» Task
Copy whichever lines of the data hold the word "Import".

Data extracted from a collection:
——————

(* Let $A=\Bbbk Q/I$ be a finite-dimensional triangular monomial algebra, let $n\ge 0$, and let $x=\sum_{i=1}^k\alpha_i\,(p_i\|b_i)\in\Bbbk(\Gamma_n\|\mathcal B)$ be an irreducible cocycle (with $\alpha_i\in\Bbbk$ nonzero and the pairs $(p_i,b_i)$ pairwise distinct). Then there exist nontrivial paths $\tilde p$ and $\tilde b$ such that for every $1\le i\le k$ there are $a_i,c_i\in\mathcal B$ with $p_i=c_i\,\tilde p\,a_i$ and $b_i=c_i\,\tilde b\,a_i$.
   Context: Let $\Bbbk$ be a field, $Q=(Q_0,Q_1,s,t)$ a finite quiver, and $A=\Bbbk Q/I$ a finite-dimensional monomial algebra, i.e. $I$ is an ideal generated by paths of length at least $2$. $A$ is triangular if $Q$ has no oriented cycles. Let $E=\Bbbk Q_0$, $A^e=A\otimes_\Bbbk A^{\mathrm{op}}$. Paths are written from right to left ($p=\alpha_n\cdots\alpha_1$, $t(\alpha_i)=s(\alpha_{i+1})$); $qp$ is concatenation. $\mathcal B$ = set of paths not in $I$ (a basis of $A$). If $p=bqa$, $q$ is a divisor; $q\le p$ denotes an occurrence with $\mathrm{pre}_p(q)=a$, $\mathrm{suf}_p(q)=b$; suffix/prefix mean $b$/$a$ trivial; proper means $q\ne p$. For $n\ge -1$, a left $n$-ambiguity is a path $p=u_{-1}u_0\cdots u_n$ with $u_{-1}\in Q_0$, $u_0\in Q_1$, $u_i\in\mathcal B$, and for $0\le i\le n-1$, $u_iu_{i+1}\in I$ while no proper suffix of $u_iu_{i+1}$ lies in $I$; a right $n$-ambiguity is $p=v_n\cdots v_0v_{-1}$ with $v_{-1}\in Q_0$, $v_0\in Q_1$, $v_i\in\mathcal B$, $v_{i+1}v_i\in I$ and no proper prefix of $v_{i+1}v_i$ in $I$. These notions coincide; $\Gamma_n$ is the set of $n$-ambiguities; decompositions are unique; $\sigma_m(p):=u_0\cdots u_m$, $\pi_m(p):=v_m\cdots v_0$; $\mathrm{Sub}(p)=\{q\in\Gamma_{n-1}:q\le p\}$. Bardzell's resolution: $\mathbb B(A)_{n+1}=A\otimes_E\Bbbk\Gamma_n\otimes_EA$, with $d(1\otimes p\otimes1)=\sum_{q\in\mathrm{Sub}(p)}\mathrm{suf}_p(q)\otimes q\otimes\mathrm{pre}_p(q)$ for $p\in\Gamma_n$, $n$ odd, and $d(1\otimes p\otimes1)=\mathrm{suf}_p(\pi_{n-1}(p))\otimes\pi_{n-1}(p)\otimes1-1\otimes\sigma_{n-1}(p)\otimes\mathrm{pre}_p(\sigma_{n-1}(p))$ for $n$ even. Let $\Bbbk(\Gamma_n\|\mathcal B):=\mathrm{Hom}_{E^e}(\Bbbk\Gamma_n,A)\cong\mathrm{Hom}_{A^e}(\mathbb B(A)_{n+1},A)$; it has basis the maps $(p\|b)$ for $p\in\Gamma_n$, $b\in\mathcal B$ parallel to $p$ (same source and target), where $(p\|b)(q)=b$ if $q=p$ and $0$ for other $q\in\Gamma_n$. The differential $\partial^{n+1}:\Bbbk(\Gamma_{n}\|\mathcal B)\to\Bbbk(\Gamma_{n+1}\|\mathcal B)$ is $(\partial f)(q)=\hat f(d(1\otimes q\otimes 1))$, where $\hat f(c\otimes p\otimes a)=c\,f(p)\,a$ (product in $A$). A cocycle is $x$ with $\partial x=0$. A cocycle $x=\sum_{i=1}^k\alpha_i(p_i\|b_i)$ with all $\alpha_i\ne0$ and the $(p_i\|b_i)$ pairwise distinct is irreducible if for every proper nonempty subsequence $1\le i_1<\dots<i_\ell\le k$ ($\ell<k$) and all nonzero $\beta_1,\dots,\beta_\ell\in\Bbbk$, $\partial\big(\sum_{j=1}^\ell\beta_j(p_{i_j}\|b_{i_j})\big)\neq 0$. *)

From HB Require Import structures.
From mathcomp Require Import all_boot all_algebra.
Import GRing.Theory.
Set Implicit Arguments. Unset Strict Implicit. Unset Printing Implicit Defensive.
Theorem lemma4p5 (F : closedFieldType) (p : nat) (V : lmodType F) (vac : V)
    (Y : int -> V -> V -> V) (Vg : int -> V -> Prop) (L1 : nat -> V -> V)
    (form : V -> V -> F) :
  prime p -> odd p -> p \in [pchar F] ->
  is_H_module_VA Y vac Vg L1 ->
  (forall n : int, n < 0 -> forall v, Vg n v -> v = 0) ->
  is_bilinear_form form ->
  is_invariant_form Y Vg L1 form ->
  (forall (m n : int) u v, m != n -> Vg m u -> Vg n v -> form u v = 0) ->
  forall u v, form u v = form v u.
Proof.
move=> _ _ _ [[VA [Vg_grading [_ Y_graded]]] [H_module _]] Vg_neg form_bil
  form_inv form_orth.
have [Y_linearl [_ [_ [_ [Y_creation _]]]]] := VA.
have [_ [_ [Vg_span _]]] := Vg_grading.
have [_ [_ [L1_0 [_ [L1_L1 [_ [L1_graded _]]]]]]] := H_module.
apply: (form_sym_of_homogeneous form_bil Vg_span).
exact: (form_sym_homogeneous Y_linearl Y_creation Y_graded L1_0 L1_L1 L1_graded
  Vg_neg form_bil form_inv form_orth).
Qed.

——————

» Solution for this problem
From HB Require Import structures.
From mathcomp Require Import all_boot all_algebra.
Import GRing.Theory.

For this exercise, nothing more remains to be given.